The market seems to have absorbed President Donald Trump’s Covid-19 diagnosis with little incident, but experts warn that any sudden or marked changes in the president’s condition in the waning days of a bruising campaign season could prove profoundly unsettling for investors.
When Trump tweeted in the early hours of Friday morning that he had tested positive for the virus, the stock market sank, with the Dow Jones Industrial Average falling 500 points. However, the market regained some of that ground by the end of the week on the assumption that a weaker-than-expected monthly jobs report would prompt Congress to come to an agreement on a new stimulus package.
There is little precedent for what happens next for a couple of reasons. “This is uncharted, for sure,” said Lawrence White, professor of economics at New York University. “I don’t think that the market cares a great deal about Donald Trump’s Covid problems — so long as they do not appear to be life-threatening.”
Many past presidential health crises have had little impact on the stock market. In part, this was because earlier administrations often sought to keep evidence that the president was ill under wraps — a feat largely possible in eras when methods of communication could take days or weeks and film or televised news didn’t exist.
Even later threats to presidents’ lives, though, didn’t roil markets over the long term. “The market shrugged off the wounding of Ronald Reagan in 1981,” White said. And although the S&P dropped by nearly 3 percent the day of John F. Kennedy’s assassination, it recovered that value in just two days.
“The market has been looking through bad news for months now,” said Dan North, senior economist at Euler Hermes North America. Wall Street’s resilience reflects the forward-looking orientation of the stock market, he said. “It looks through the current day into the future.”
Trump isn’t even the first president to fall ill during a pandemic: Woodrow Wilson contracted the Spanish Flu in 1919 and was severely ill — a fact that was hidden from the general public, as was Wilson’s stroke six months later. (The 25th Amendment, which outlines protocols in the event of a president’s incapacitation, wasn’t added to the Constitution until 1967.)

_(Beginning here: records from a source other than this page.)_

(* The parameter xi is positive and nonincreasing, and it is multiplied by
   theta < 1 whenever Phase 2 fails with all tentative steps equal to 1, so it
   suffices that this happens infinitely often.  Otherwise, from some iteration
   on, xi and D stay fixed and every iteration either decreases f by the fixed
   amount xi, which can happen only finitely often since f is bounded below on
   X ∩ Z (finitely many integer parts, Lipschitz in the continuous ones), or
   fails in Phase 2 and halves every tentative step, which brings them all down
   to 1 after finitely many iterations. *)

Section RealSequences.
Variable R : archiRealFieldType.
Implicit Types (g : nat -> R) (B c theta : R).

Lemma nonincreasing_from {g K i j} : (forall k, (K <= k)%N -> g k.+1 <= g k) ->
  (K <= i)%N -> (i <= j)%N -> g j <= g i.
Proof.
move=> gS Ki ij.
apply: (homo_leq_in (D := [pred k | K <= k]%N) (f := g) (r := fun a b => b <= a)) => //=.
- by move=> a b c ba cb; apply: le_trans cb ba.
- by move=> a b Ka _ m /andP[am _]; apply: leq_trans Ka (ltnW am).
- by move=> k Kk _; apply: gS.
- exact: leq_trans Ki ij.
Qed.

When Dwight Eisenhower suffered a heart attack in 1955, the market promptly plunged by some 6 percent — costing investors about $14 billion at the time (the equivalent of $135 billion today) before regaining the value it lost over the course of months.
During his lengthy convalescence and a subsequent intestinal operation, Eisenhower’s administration adopted a more forthcoming position. “Eisenhower had a heart attack and abdominal surgery and he took a totally different approach,” North said, which included detailed daily briefings on his health. “They had transparency.”
Conflict and confusion in reports coming from Trump’s medical team, the White House and the president himself make ascertaining his true condition somewhat of a guessing game. “It’s a little bit hard to know what you’re hearing from the doctors, Trump and the people around him — they’re almost certainly trying to paint a picture that’s a bit brighter than the reality of the situation,” North said.
The bigger issue is the looming election. With Election Day just four weeks away, questions are still swirling around how Trump will be able to safely campaign and debate. And, White said, should his health take a sudden turn for the worse between now and Nov. 3, investors should brace for chaos.
”If he were to be rushed back to Walter Reed, I think there would be a substantial adverse market reaction,” he said. “If he were to be more seriously stricken, then the issue of a… last-minute inability to run throws open all these cans of worms at the state level. It’s all of the uncertainty, and markets generally abhor uncertainty.”